И я уже ничего не говорила ей и только, тихо плача, осыпала поцелуями ее заплаканное лицо, ее голову - эту безумную, так заблуждавшуюся молодую голову, ее руки... и мне казалось, что у меня из души вынимают то последнее живое, что еще оставалось в ней.
Но прозвонил третий звонок; Соню оторвали от меня, подняли кверху на площадку вагона; кто-то окружил нас, что-то говорили, что-то кричали, должно быть, прощанья, пожелания, я не знаю, я почти ничего не понимала, ничего не слышала; я видела перед собой только Соню, только мою несчастную, сгубившую себя Соню, которая рыдала и рвалась теперь ко мне, протягивая мне издали руки, и голос ее был полон такого ужаса и отчаяния, что я сама рвалась к ней почти в таком же безумии, тоже протягивала к ней руки, но кто-то держал меня, не пуская двинуться с места, и поезд медленно начал уходить, увозя от меня куда-то в даль и темноту и Соню, мою Соню, и... и ее мужа... Боже мой, ее мужа!.. Потом все скрылось, поезд исчез, и я осталась одна, в этой чужой, нарядной толпе, окружавшей меня с фальшивыми улыбками и с любопытными взглядами и что-то говорившей мне на прощанье; но Саша, видя, вероятно, в каком я состоянии, взял меня под руку и быстро повел к выходу.
Он посадил меня в карету и сказал, чтобы я приняла дома валерьяновых капель и поехала бы куда-нибудь в гости, чтобы развлечься, или легла бы спать, если очень устала, а ему надо было ехать на какое-то вечернее заседание.
И вот я ехала одна, к себе, в роскошный, опустевший дом, в котором с уходом Сони исчез точно последний смысл для меня, и в душе моей были тоска и ужас, близкие к безумию. Крик Сони, последний отчаянный крик ее, застыл в моих ушах и рвал мне сердце... и ясной в голове была только одна мысль, что теперь я уже одна, совсем одна и уже навсегда.
А жить все-таки же надо было...
.....................................................................................................................
И остались мы вдвоем с Сашей. Первое время я так скучала, что просто места себе не находила. Как живое, стояло предо мной лицо Сони, с тем самым выражением застывшего в нем ужаса и отчаяния, с которым она рвалась ко мне в последнюю минуту с площадки вагона; оно просто давило меня точно каким-то тяжелым и страшным кошмаром, вставая передо мной как укор совести и днем, и ночью.

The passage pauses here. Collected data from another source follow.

Lemma SPE_one_shot (R : realType) n m (v : 'I_n -> 'I_m -> R) sigma t s :
  (forall i, nonneg_strategy (s i)) ->
  (forall h, nonneg_history h -> (size h < m)%N ->
    forall i (b : profile R n), (forall j, j != i -> b j = s j h) -> 0 <= b i ->
    utility v sigma t (play m s (rcons h b)) i <= utility v sigma t (play m s h) i) ->
  SPE v sigma t s.
Proof.
move=> s_ge0 one_shot; split=> // h h_ge0 hm i d d_ge0.
move ej: (m - size h)%N => j; elim: j h h_ge0 hm ej => [|j IH] h h_ge0 hm ej.
  by move/eqP: ej; rewrite subn_eq0 leqNgt hm.
set s' := update s i d; set b := bids_at s' h.
have b_others j' : j' != i -> b j' = s j' h by rewrite ffunE /s' /update => /negbTE ->.
have b_ge0 : 0 <= b i by rewrite ffunE /s' /update eqxx.
rewrite (play_extend s' hm); apply: le_trans (one_shot h h_ge0 hm i b b_others b_ge0).
have [hbm|] := ltnP (size (rcons h b)) m; last first.
  by rewrite -subn_eq0 => /eqP mh; rewrite !playE mh.
apply: IH => //; last by rewrite size_rcons subnS ej.
rewrite /nonneg_history all_rcons; apply/andP; split=> //; apply/forallP => j'.
by have [->//|j'i] := eqVneq j' i; rewrite b_others // s_ge0.
Qed.

Lemma utility_no_win (R : realType) n m (v : 'I_n -> 'I_m -> R) sigma t H i :
  (forall l : 'I_m, winner t H l != i) -> utility v sigma t H i = 0.
Proof.
by move=> no_win; rewrite /utility /bundle_value /payment !big_pred0 ?subr0 // => l;
  apply/negbTE.
Qed.

(** * The market *)

Lemma ord_cover_unique (T : eqType) m (f g : 'I_m -> T) :
  injective g -> (forall c, exists l, f l = g c) ->
  forall l, exists2 c, f l = g c & forall l', f l' = g c -> l' = l.
Proof.
move=> g_inj cover.
have coverb c : exists l, f l == g c by have [l fl] := cover c; exists l; rewrite fl.
pose hit c := xchoose (coverb c).
have hitP c : f (hit c) = g c by apply/eqP; exact: (xchooseP (coverb c)).
have hit_inj : injective hit by move=> a b e; apply: g_inj; rewrite -!hitP e.
have hit_onto l' : exists c, l' = hit c.
  by have /codomP[c ->] := inj_card_onto hit_inj (leqnn _) l'; exists c.
move=> l; have [c ->] := hit_onto l; exists c => // l' /eqP.
by have [c' ->] := hit_onto l'; rewrite hitP (inj_eq g_inj) => /eqP ->.
Qed.

Lemma bigmax_le_sum (R : realDomainType) (I : finType) (P : pred I) (F : I -> R) :
  (forall j, 0 <= F j) -> \big[Num.max/0]_(j | P j) F j <= \sum_(j | P j) F j.
Proof.
move=> F_ge0; apply: bigmax_le => [|j Pj]; first exact: sumr_ge0.
by rewrite (bigD1 j) //= lerDl sumr_ge0.
Qed.

Section Market.
Variables (R : realType) (k : nat).
Local Notation m := k.+1.
Local Notation n := k.+2.

Definition market : 'I_n -> 'I_m -> R :=
  fun i j => if i == ord_max then (j == ord0)%:R else 1.

Definition flat (c : 'I_m) : 'I_n := widen_ord (leqnSn _) c.

Lemma flat_inj : injective flat.
Proof. by move=> a b /(congr1 val) /= /val_inj. Qed.

Lemma flat_neq_max c : flat c != ord_max.
Proof. by rewrite -(inj_eq val_inj) /= neq_ltn ltn_ord. Qed.

Lemma market_flat c j : market (flat c) j = 1.
Proof. by rewrite /market (negbTE (flat_neq_max c)). Qed.

Lemma market_ge0 i j : 0 <= market i j.
Proof. by rewrite /market; case: ifP. Qed.

Lemma market_le1 i j : market i j <= 1.
Proof. by rewrite /market; case: ifP => // _; rewrite lern1 leq_b1. Qed.

Lemma alloc_welfare_le (a : {ffun 'I_m -> 'I_n}) : alloc_welfare market a <= m%:R.
Proof.
rewrite /alloc_welfare.
apply: (@le_trans _ _ (\sum_(i < n) \sum_(j | a j == i) market i j)).
  by apply: ler_sum => i _; apply: bigmax_le_sum => j; apply: market_ge0.
have -> : \sum_(i < n) \sum_(j | a j == i) market i j = \sum_(j < m) market (a j) j.
  rewrite (partition_big a xpredT) //=.
  by apply: eq_bigr => i _; apply: eq_big => [j|j /eqP ->].
rewrite -[m in m%:R]card_ord -sumr_const.
by apply: ler_sum => j _; apply: market_le1.
Qed.

Lemma opt_welfare_market : opt_welfare market = m%:R.
Proof.
apply/le_anti/andP; split; first by apply: bigmax_le => //= a _; apply: alloc_welfare_le.
pose a : {ffun 'I_m -> 'I_n} := [ffun j => flat j].
apply: le_trans (le_bigmax _ _ a); rewrite /alloc_welfare big_ord_recr /=.
rewrite -[m in m%:R]card_ord -sumr_const -[X in X <= _]addr0 lerD //.
  apply: ler_sum => c _; rewrite -(market_flat c c).
  by apply: (@le_bigmax_cond _ _ _ 0 c (fun j => a j == flat c)); rewrite ffunE.
by apply: bigmax_ge_id.
Qed.

Definition rev_order : {perm 'I_m} := perm (@rev_ord_inj m).

Lemma rev_order_max : rev_order ord_max = ord0.
Proof. by apply/val_inj; rewrite permE /= subnn. Qed.
(* Let $(N,+,* )$ be a nilpotent ring with adjoint operation $x\circ y=x+y+x*y$, let $S$ be a subring and $I$ a two-sided ideal of $N$ with $S\cap I=\{0\}$ and $N=S+I$. Then every $x\in N$ can be written uniquely as $x=s\circ i$ with $s\in S$, $i\in I$; define $x\bullet y=s\circ y\circ i$, so that $(N,+,\bullet)$ is a left brace, and let $r(x,y)=(\sigma_x(y),\tau_y(x))$ be its Yang–Baxter map. Let $X\subseteq N$ be such that $(X,r)$ is a solution of the set-theoretic Yang–Baxter equation, and let $J\subseteq I\cap X$ be a two-sided ideal of the ring $N$. Let $f,g:X\to X$ and $\wedge:X\times X\to X$ be maps and put $k(x)=f(x)\wedge g(x)$. Suppose that: $f$ is $\mathcal G(X,r)$-equivariant; $\sigma_x(y\wedge g(z))=\sigma_x(y)\wedge g(z)$ for all $x,y,z\in X$; $g(x+j)=g(x)$ whenever $x\in X$, $j\in J$, $x+j\in X$; and $k(x)-x\in J$ for all $x\in X$. Then $k$ is a reflection of $(X,r)$.
   Context: A (left) brace is a triple $(B,+,\circ)$ with $(B,+)$ abelian group, $(B,\circ)$ group, and $x\circ(y+z)=x\circ y+x\circ z-x$. The Yang–Baxter map of the brace $(N,+,\bullet)$ is $r(x,y)=(\sigma_x(y),\tau_y(x))$ with $\sigma_x(y)=x\bullet y-x$ and $\tau_y(x)=(\sigma_x(y))^{-1}\bullet x-(\sigma_x(y))^{-1}$, inverses taken in $(N,\bullet)$. For $X\subseteq N$, $(X,r)$ is a solution of the set-theoretic Yang–Baxter equation if $r(X\times X)\subseteq X\times X$ and $(\mathrm{id}\times r)(r\times\mathrm{id})(\mathrm{id}\times r)=(r\times\mathrm{id})(\mathrm{id}\times r)(r\times\mathrm{id})$ on $X^3$. A map $k:X\to X$ is a reflection of $(X,r)$ if $r(\mathrm{id}\times k)r(\mathrm{id}\times k)=(\mathrm{id}\times k)r(\mathrm{id}\times k)r$ on $X\times X$; $k$ is $\mathcal G(X,r)$-equivariant if $k\sigma_x=\sigma_x k$ on $X$ for every $x\in X$. *)

(* (additive group = zmodType; the non-unital ring product is
   an explicit operation since a nilpotent ring has no unit). *)
From HB Require Import structures.
From mathcomp Require Import all_boot all_order all_algebra.
From Stdlib Require Import ClassicalEpsilon.
Set Implicit Arguments. Unset Strict Implicit. Unset Printing Implicit Defensive.
Import GRing.Theory.
Local Open Scope ring_scope.

Section Defs.
Variables (N : zmodType) (mul : N -> N -> N).

Record nilpotent_ring : Prop := NilpotentRing {
  nr_assoc : forall x y z, mul x (mul y z) = mul (mul x y) z;
  nr_distl : forall x y z, mul (x + y) z = mul x z + mul y z;
  nr_distr : forall x y z, mul x (y + z) = mul x y + mul x z;
  nr_nilp  : exists n : nat, forall (x : N) (s : seq N),
               size s = n -> foldl mul x s = 0 }.

Record is_subring (S : N -> Prop) : Prop := IsSubring {
  sr0 : S 0;
  srB : forall x y, S x -> S y -> S (x - y);
  srM : forall x y, S x -> S y -> S (mul x y) }.

Record is_ideal (I : N -> Prop) : Prop := IsIdeal {
  id0 : I 0;
  idB : forall x y, I x -> I y -> I (x - y);
  idMl : forall x y, I y -> I (mul x y);
  idMr : forall x y, I x -> I (mul x y) }.

Definition adj (x y : N) : N := x + y + mul x y.

Variables (S I : N -> Prop).

Definition decomp (x : N) : N * N :=
  epsilon (inhabits (0, 0)) (fun p => S p.1 /\ I p.2 /\ x = adj p.1 p.2).

Definition bul (x y : N) : N := adj (adj (decomp x).1 y) (decomp x).2.

Definition binv (x : N) : N :=
  epsilon (inhabits 0) (fun y => bul y x = 0 /\ bul x y = 0).

Definition sigma (x y : N) : N := bul x y - x.
Definition tau (y x : N) : N :=
  bul (binv (sigma x y)) x - binv (sigma x y).

Definition ybr (p : N * N) : N * N := (sigma p.1 p.2, tau p.2 p.1).

End Defs.

Definition r12 {N : Type} (r : N * N -> N * N) (t : N * N * N) : N * N * N :=
  ((r (t.1.1, t.1.2)).1, (r (t.1.1, t.1.2)).2, t.2).
Definition r23 {N : Type} (r : N * N -> N * N) (t : N * N * N) : N * N * N :=
  (t.1.1, (r (t.1.2, t.2)).1, (r (t.1.2, t.2)).2).

Definition is_solution {N : Type} (X : N -> Prop) (r : N * N -> N * N) : Prop :=
  (forall x y, X x -> X y -> X (r (x, y)).1 /\ X (r (x, y)).2) /\
  (forall a b c, X a -> X b -> X c ->
     r23 r (r12 r (r23 r (a, b, c))) = r12 r (r23 r (r12 r (a, b, c)))).

Definition idk {N : Type} (k : N -> N) (p : N * N) : N * N := (p.1, k p.2).
Lemma expect_sub_eq_card f x a b M :
  #|a| = #|b| -> (forall W C, 0 <= f (next_state x W C) <= M) ->
  expect p q f x a - expect p q f x b <= #|a|%:R * p * M.
Proof.
move=> ab hf.
pose avg W := \sum_(C : {set 'I_N}) arrival_prob q C * f (next_state x W C).
have avg_bounded W : 0 <= avg W <= M.
  apply/andP; split.
    by apply: sumr_ge0 => C _; rewrite mulr_ge0 ?arrival_prob_ge0 //; case/andP: (hf W C).
  rewrite -[X in _ <= X]mul1r -(sum_arrival_prob q) big_distrl /=.
  by apply: ler_sum => C _; rewrite ler_wpM2l ?arrival_prob_ge0 //; case/andP: (hf W C).
have M0 : 0 <= M by case/andP: (avg_bounded set0) => avg0; apply: le_trans.
have expect_set0 c : expect p q f x c =
    (1 - p) ^+ #|c| * avg set0 + \sum_(W | W != set0) success_prob p c W * avg W.
  by rewrite expectE (bigD1 set0) //= success_prob_set0.
rewrite !expect_set0 -ab.
set A := \sum_(W | W != set0) success_prob p a W * avg W.
set B := \sum_(W | W != set0) success_prob p b W * avg W.
have B0 : 0 <= B.
  by apply: sumr_ge0 => W _; rewrite mulr_ge0 ?success_prob_ge0 //; case/andP: (avg_bounded W).
have AM : A <= (1 - (1 - p) ^+ #|a|) * M.
  have -> : 1 - (1 - p) ^+ #|a| = \sum_(W | W != set0) success_prob p a W.
    rewrite -[X in X - _](sum_success_prob p a) (bigD1 set0) //= success_prob_set0.
    by rewrite addrAC subrr add0r.
  rewrite big_distrl /=; apply: ler_sum => W _.
  by rewrite ler_wpM2l ?success_prob_ge0 //; case/andP: (avg_bounded W).
have := ler_wpM2r M0 (onem_exprn_le #|a|).
lra.
Qed.

End TransitionBounds.

Section StateBounds.
Variable N : nat.
Implicit Types (a W C : {set 'I_N}) (n : 'I_N) (x : state N).

Lemma valid_next_state x W C : valid_state x -> valid_state (next_state x W C).
Proof.
move=> vx n; rewrite /gst /hst /next_state /= !ffunE.
case: ifP => nC; case: ifP => nW //=.
by move: (vx n); rewrite /gst /hst; case: (x.1 n).
Qed.

Lemma hst_lt_state_norm x n : (hst x n < state_norm x)%N.
Proof. exact: (@leq_bigmax _ (fun n => (hst x n).+1) n). Qed.

Lemma gst_le_hst x n : valid_state x -> (odflt 0 (gst x n) <= hst x n)%N.
Proof. by move=> /(_ n); case: (gst x n) => //= k /ltnW. Qed.

Lemma state_norm_next x W C :
  valid_state x -> (state_norm (next_state x W C) <= (state_norm x).+1)%N.
Proof.
move=> vx; apply/bigmax_leqP => n _; rewrite /hst /next_state /= ffunE ltnS.
case: ifP => _; last exact: hst_lt_state_norm.
exact: leq_ltn_trans (gst_le_hst n vx) (hst_lt_state_norm x n).
Qed.

Lemma gh_scoreE (R : numDomainType) x a :
  (gh_score x a)%:~R = - \sum_(n in a) age_drop R x n :> R.
Proof.
rewrite /gh_score rmorph_sum /= -sumrN; apply: eq_bigr => n _.
by rewrite /age_drop rmorphB /= opprB.
Qed.

Lemma sum_age_drop_bounds (R : realDomainType) x a : valid_state x ->
  0 <= \sum_(n in a) age_drop R x n <= N%:R * (state_norm x)%:R.
Proof.
move=> vx; have drop_ge0 n : 0 <= age_drop R x n by rewrite subr_ge0 ler_nat gst_le_hst.
apply/andP; split; first exact: sumr_ge0.
apply: le_trans (_ : \sum_(n in a) ((state_norm x)%:R : R) <= _).
  apply: ler_sum => n _; rewrite lerBlDr ler_wpDr // ler_nat ltnW //.
  exact: hst_lt_state_norm.
rewrite sumr_const -(mulr_natl _ #|a|); apply: ler_wpM2r => //; rewrite ler_nat.
by apply: leq_trans (max_card _) _; rewrite card_ord.
Qed.

End StateBounds.

Section AdmissibleMin.
Variables (R : realDomainType) (N d : nat) (x : state N) (F : {set 'I_N} -> R).

Lemma min_adm_le a : admissible d x a -> min_adm d x F <= F a.
Proof. by move=> ad; rewrite /min_adm foldrE; apply: ge_bigmin_seq => //; apply: image_f. Qed.

Lemma min_adm_attained a0 : admissible d x a0 ->
  exists2 a, admissible d x a & min_adm d x F = F a.
Proof.
move=> ad0; rewrite /min_adm foldrE.
set s := [seq F a | a in admissible d x].
have : \big[Num.min/head 0 s]_(y <- s) y \in s.
  rewrite big_seq; apply: (big_ind (fun y => y \in s)) => //.
    have : F a0 \in s by apply: image_f.
    by case: s => //= y s' _; rewrite mem_head.
  by move=> u v us vs; rewrite minEle; case: ifP.
by move=> /imageP [a ada ->]; exists a.
Qed.

End AdmissibleMin.

Fixpoint idle_drift (N k : nat) : nat :=
  if k is k'.+1 then idle_drift N k' + k'.+1 * N else 0.

Lemma idle_driftS N k : idle_drift N k.+1 = idle_drift N k + k.+1 * N.
Proof. by []. Qed.

Fixpoint gain_offset (N k : nat) : nat :=
  if k is k'.+1 then gain_offset N k' + idle_drift N k' else 0.

Lemma gain_offsetS N k : gain_offset N k.+1 = gain_offset N k + idle_drift N k.
Proof. by []. Qed.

Сначала Соня почти ничего не писала, и если и писала, то такие коротенькие и пустые письма, по которым ровно ничего нельзя было понять, кроме того, что дом у Плешко действительно чудный, меблирован по-царски, знакомых у них полгорода и она очень много выезжает; но все это мы и сами знали и с большей или меньшей точностью могли предполагать, а о том, что меня больше всего интересовало - о внутреннем своем настроении,- она не писала ни слова. Я чувствовала, что она нарочно обходит это молчанием, и ее официальные, короткие листки белой бумаги, вместо настоящих писем, которых я ждала так страстно, даже не радовали меня.
Плешко тоже писал Саше; у них давно завелась между собой деловая переписка, но среди нее, большей частью post-scriptum, он прибавлял что-нибудь о Соне, и, несмотря на краткость этих приписок "мимоходом", в них все-таки прорывалась его влюбленность в Соню и самодовольная, так свойственная ему гордость за тот успех, который, по-видимому, сразу встретил там ее.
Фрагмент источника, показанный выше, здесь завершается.